Instead, the collective emotions in the cascade are responsible for its size in terms 
of spreaders and listeners. In particular, cascades without positive content tend to 
be larger, and their size follows a qualitatively different distribution. The cognitive 
content of the tweets of a cascade play no role in their spread. On the other hand, 
our analysis of social content in the cascades reveals a clear pattern: cascades with 
large ratios of social-related terms have distributions of listener and spreader sizes 
that scale with system size, in contrast with cascades with low ratios of social-related 
terms, which follow distributions that have bounded means. 

Our analysis at the individual level reveals that users are more integrated in 
the movement, measured by their k-core centrality, if they exhibit higher levels of 
engagement and express stronger negativity, in line with the overall negative context 
of the movement (indignants). Our analysis also reveals that highly integrated and 
influential users have a lower tendency to express social content in tweets. This 
indicates that social activation became salient in the periphery of the movement 
rather than in its core. We emphasize that our findings are consistent with theories 
in sociology and social psychology and confirm their statements by quantifying, for 
the first time, social and psychological influence in collective action at large scale. 

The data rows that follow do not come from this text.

Theorem mainTheorem12 (m d : nat) (p : m.-tuple bool -> algC)
    (rho : m.-tuple bool -> op 'I_d) (eps : algC) :
  (forall z, 0 <= p z) -> \sum_z p z = 1 ->
  (forall z, density (rho z)) ->
  0 <= eps ->
  trnorm ((\sum_z p z *: tens (ketbra z) (rho z))
          - tens (rhoU m) (\sum_z p z *: rho z)) > eps ->
  exists i : 'I_m,
    trnorm ((\sum_(z | tnth z i == false) p z *: tens (ketbra (bitprefix z i)) (rho z))
            - (\sum_(z | tnth z i == true) p z *: tens (ketbra (bitprefix z i)) (rho z)))
    > eps / m%:R.
Proof.
move=> _ _ _ eps_ge0 lt_eps.
apply: (@exists_gt_mean m (fun i => trnorm (bias_op p rho i))) => // [i|].
  exact: trnorm_ge0.
apply: (lt_le_trans lt_eps); rewrite cq_state_telescope.
apply: le_trans (trnorm_sum_le _) _; apply: ler_sum => i _.
apply: (@trnorm_lift _ _ _ _ _ (2 ^ (m - i))) => [||z]; first by rewrite expn_gt0.
  exact: card_bitprefix_fibre.
by rewrite normrM normr_sign mulr1 ger0_norm // invr_ge0 ler0n.
Qed.
(* Let $G$ be a connected graph that is not a path, and let $B$ be (the vertex set of) a block of $G$ which is not a cut edge of a pendant path of $G$. Then every connected forcing set of $G$ contains at least $\delta(G[B])$ vertices of $B$.
   Context: Zero forcing: given a graph $G$ and a set $S$ of initially colored vertices, if a colored vertex $u$ has exactly one uncolored neighbor $v$, then $v$ becomes colored. $S$ is a zero forcing set if repeated application colors all vertices. A connected forcing set is a zero forcing set $S$ with $G[S]$ connected. A block is a maximal subgraph with no articulation point (cut vertex). A pendant path attached to a vertex $v$ is a set $P\subset V$ such that $G[P]$ is a path component of $G-v$, one of whose ends is adjacent to $v$ in $G$; a cut edge of a pendant path is an edge of the path $G[P\cup\{v\}]$ (a single-edge block lying on the pendant path together with the vertex it is attached to). $\delta(H)$ denotes the minimum degree of $H$. *)

From mathcomp Require Import all_boot.
Set Implicit Arguments. Unset Strict Implicit. Unset Printing Implicit Defensive.

(* A simple graph on a finite vertex type T is given by a relation e
   (assumed symmetric and irreflexive in the theorem). Vertex subsets are
   {set T}; G[A] is the subgraph induced by A. *)
Section GraphDefs.
Variables (T : finType) (e : rel T).

Definition ind_rel (A : {set T}) : rel T :=
  fun x y => [&& e x y, x \in A & y \in A].

(* G[A] is connected (the empty graph counts as connected) *)
Definition connected_set (A : {set T}) : Prop :=
  forall x y, x \in A -> y \in A -> connect (ind_rel A) x y.

Definition force_step (S : {set T}) : {set T} :=
  S :|: [set v | [exists u, [&& u \in S, e u v &
                   [forall w, e u w ==> (w \in S) || (w == v)]]]].

Definition zf_closure (S : {set T}) : {set T} := iter #|T| force_step S.

Definition zero_forcing_set (S : {set T}) : Prop := zf_closure S = setT.

Definition connected_forcing_set (S : {set T}) : Prop :=
  zero_forcing_set S /\ connected_set S.

Definition nonseparable (A : {set T}) : Prop :=
  A != set0 /\ connected_set A /\
  forall v, v \in A -> connected_set (A :\ v).

Definition block (B : {set T}) : Prop :=
  nonseparable B /\ forall A : {set T}, B \subset A -> nonseparable A -> A = B.

Definition deg_in (A : {set T}) (v : T) : nat := #|[set w in A | e v w]|.
Definition mindeg (A : {set T}) : nat := \big[minn/#|T|]_(v in A) deg_in A v.

Definition seq_adj (s : seq T) (x y : T) : Prop :=
  exists i, i.+1 < size s /\
    ((nth x s i = x /\ nth x s i.+1 = y) \/ (nth x s i = y /\ nth x s i.+1 = x)).

Definition path_enum (A : {set T}) (s : seq T) : Prop :=
  uniq s /\ s != [::] /\ (forall x, (x \in A) = (x \in s)) /\
  forall x y, x \in A -> y \in A -> (e x y <-> seq_adj s x y).

Definition is_path_graph (A : {set T}) : Prop := exists s, path_enum A s.

(* P is a pendant path attached to v: G[P] is a path component of G - v,
   one of whose ends is adjacent to v *)
Definition pendant_path (v : T) (P : {set T}) : Prop :=
  v \notin P /\ connected_set P /\
  (forall x y, x \in P -> y \notin P -> y != v -> ~~ e x y) /\
  exists x s, path_enum P (x :: s) /\ (e v x || e v (last x s)).

Definition cut_edge_of_pendant_path (B : {set T}) : Prop :=
  exists v P x y, pendant_path v P /\ x != y /\ e x y /\
    x \in v |: P /\ y \in v |: P /\ B = [set x; y].

End GraphDefs.

From mathcomp Require Import all_boot zify.
Set Implicit Arguments. Unset Strict Implicit. Unset Printing Implicit Defensive.

(* Let w be the first vertex of B outside S to be colored, forced by u.  If
   u is in B, then u and all its B-neighbours other than w were colored before
   w, hence lie in S, so deg_B u <= |S :&: B|.  Otherwise the component Y of u
   in G - w misses B (a path through Y would attach an ear to the block B), and
   since colors can enter Y only through w, Y meets S; as S is connected and
   avoids w, S lies inside Y.  Outside Y the coloring then proceeds as a single
   chain starting at w, each new vertex forced by the previous one, so G - Y is
   a path hanging from w.  If delta(G[B]) > 0, the block B lies in it and is its
   first edge, a cut edge of a pendant path. *)

Section InducedConnectivity.
Variables (T : finType) (e : rel T).
Hypothesis e_sym : symmetric e.
Implicit Types A X : {set T}.

Lemma ind_rel_sym A : symmetric (ind_rel e A).
Proof.
by move=> x y; rewrite /ind_rel e_sym; case: (x \in A); case: (y \in A); rewrite ?andbF.
Qed.

Lemma connect_ind_sym A x y : connect (ind_rel e A) x y = connect (ind_rel e A) y x.
Proof. exact/sym_connect_sym/ind_rel_sym. Qed.

Lemma connect_ind_edge A x y :
  x \in A -> y \in A -> e x y -> connect (ind_rel e A) x y.
Proof. by move=> xA yA exy; apply: connect1; rewrite /ind_rel exy xA yA. Qed.

Lemma connect_ind_sub A A' x y :
  A \subset A' -> connect (ind_rel e A) x y -> connect (ind_rel e A') x y.
Proof.
move=> sAA'; apply: connect_sub => a b /and3P [eab aA bA].
by apply: connect_ind_edge; rewrite ?(subsetP sAA').
Qed.

Lemma connect_ind_closed A (Q : pred T) x y :
  (forall a b, a \in A -> b \in A -> e a b -> Q a -> Q b) ->
  connect (ind_rel e A) x y -> Q x -> Q y.
Proof.
move=> QA /connectP [p + ->]; elim: p x => //= a p IHp x.
by case/andP=> /and3P [exa xA aA] pa Qx; apply: IHp pa (QA x a _ _ _ _).
Qed.

Lemma connect_ind_mem A x y : connect (ind_rel e A) x y -> x \in A -> y \in A.
Proof. exact: connect_ind_closed. Qed.
(* tau_2 = 0 : A(X,Y,Z) = g([X,Y],Z) on V is totally skew-symmetric *)
Definition tau2_zero (br : vec -> vec -> vec) (V G : 'M[R]_m) : Prop :=
  forall X Y Z : vec, (X <= V)%MS -> (Y <= V)%MS -> (Z <= V)%MS ->
    bil G (br X Y) Z = - bil G (br Y X) Z /\ bil G (br X Y) Z = - bil G (br X Z) Y.

(* tau_5 = tau_6 = 0 : B(X,Y,Z) = g([X,Y],Z) vanishes on H *)
Definition tau56_zero (br : vec -> vec -> vec) (H G : 'M[R]_m) : Prop :=
  forall X Y Z : vec, (X <= H)%MS -> (Y <= H)%MS -> (Z <= H)%MS ->
    bil G (br X Y) Z = 0.

End Defs.

From HB Require Import structures.
From mathcomp Require Import all_boot all_order all_algebra.
From mathcomp Require Import reals.
From mathcomp.algebra_tactics Require Import ring lra.
From Stdlib Require Import Classical.
Import GRing.Theory Num.Theory.
Local Open Scope ring_scope.

(* Write c for the H-component of the bracket on V; the image W of N^H then
   consists of the 2-forms y o c on V.  A three-dimensional space of decomposable
   2-forms without a common linear factor is the square Lambda^2 U of a
   three-dimensional U = <e1, e2, e3> in V^*: normalising a basis of W on vectors
   X1, X2, X3 of V gives z1, z2, z3 with z1 o c = e2 ^ e3, z2 o c = e3 ^ e1,
   z3 o c = e1 ^ e2.  Pick an isomorphism N between H and V^* such that c(a, b)
   pairs with d to (e1 ^ e2 ^ e3)(a, b, d).  The metric for which V and H are
   isotropic and paired by N then has g([X, Y], Z) = (e1 ^ e2 ^ e3)(X, Y, Z) on
   V, which is totally skew, and g([X, Y], Z) = 0 on the isotropic subalgebra
   H. *)

Section RowSpaces.
Context {F : fieldType} {n : nat}.
Implicit Types (A Q U : 'M[F]_n) (u : 'rV[F]_n).

Lemma linear_form_colE {f : 'rV[F]_n -> F} :
  (forall k x y, f (k *: x + y) = k * f x + f y) ->
  forall a, f a = (a *m \col_i f 'e_i) 0 0.
Proof.
move=> fL a.
have f0 : f 0 = 0.
  by apply: (addrI (f 0)); have := fL 1 0 0; rewrite scaler0 addr0 mul1r => <-; rewrite addr0.
have fD x y : f (x + y) = f x + f y by rewrite -{1}[x]scale1r fL mul1r.
have fZ k x : f (k *: x) = k * f x by rewrite -[k *: x]addr0 fL f0 addr0.
rewrite {1}(row_sum_delta a) mxE.
elim: (index_enum _) => [|j s IH]; first by rewrite !big_nil f0.
by rewrite !big_cons fD fZ IH mxE.
Qed.

Lemma row_full_adds {A Q} :
  (forall u, exists v h, [/\ (v <= A)%MS, (h <= Q)%MS & u = v + h]) ->
  row_full (A + Q)%MS.
Proof.
move=> hsum; rewrite -sub1mx; apply/row_subP => i.
by have [v [h [hv hh ->]]] := hsum (row i 1%:M); exact: addmx_sub_adds.
Qed.

Lemma capmx_eq0 {A Q} :
  (forall u, (u <= A)%MS -> (u <= Q)%MS -> u = 0) -> (A :&: Q = 0)%MS.
Proof.
move=> hcap; apply/eqP; rewrite -submx0; apply/row_subP => i.
have /andP[hA hQ] : ((row i (A :&: Q) <= A) && (row i (A :&: Q) <= Q))%MS.
  by rewrite -sub_capmx row_sub.
by rewrite (hcap _ hA hQ) sub0mx.
Qed.

Lemma inj_row_free m (M : 'M[F]_(m, n)) :
  (forall v : 'rV_m, v *m M = 0 -> v = 0) -> row_free M.
Proof.
move=> hinj; rewrite -kermx_eq0 -submx0; apply/row_subP => i.
by rewrite (hinj _ (sub_kermxP (row_sub i _))) sub0mx.
Qed.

Our results have implications for research on social movements. The differentiation 
between social and cognitive processes is evident when analyzing the size of cascades. 
Larger cascades have higher amounts of social terms, invoking the participation of 
other users. This is also consistent with our findings at the individual level: social 
integration is clearly related to activity levels, showing the relevance of nonrational 
factors in collective action. The members of a movement are not deterministically 
defined by their demographic background and income. Instead, the amount of social 
connections they have in the movement and their synchrony with the emotions 
expressed by the movement as a whole are predictors of their involvement. 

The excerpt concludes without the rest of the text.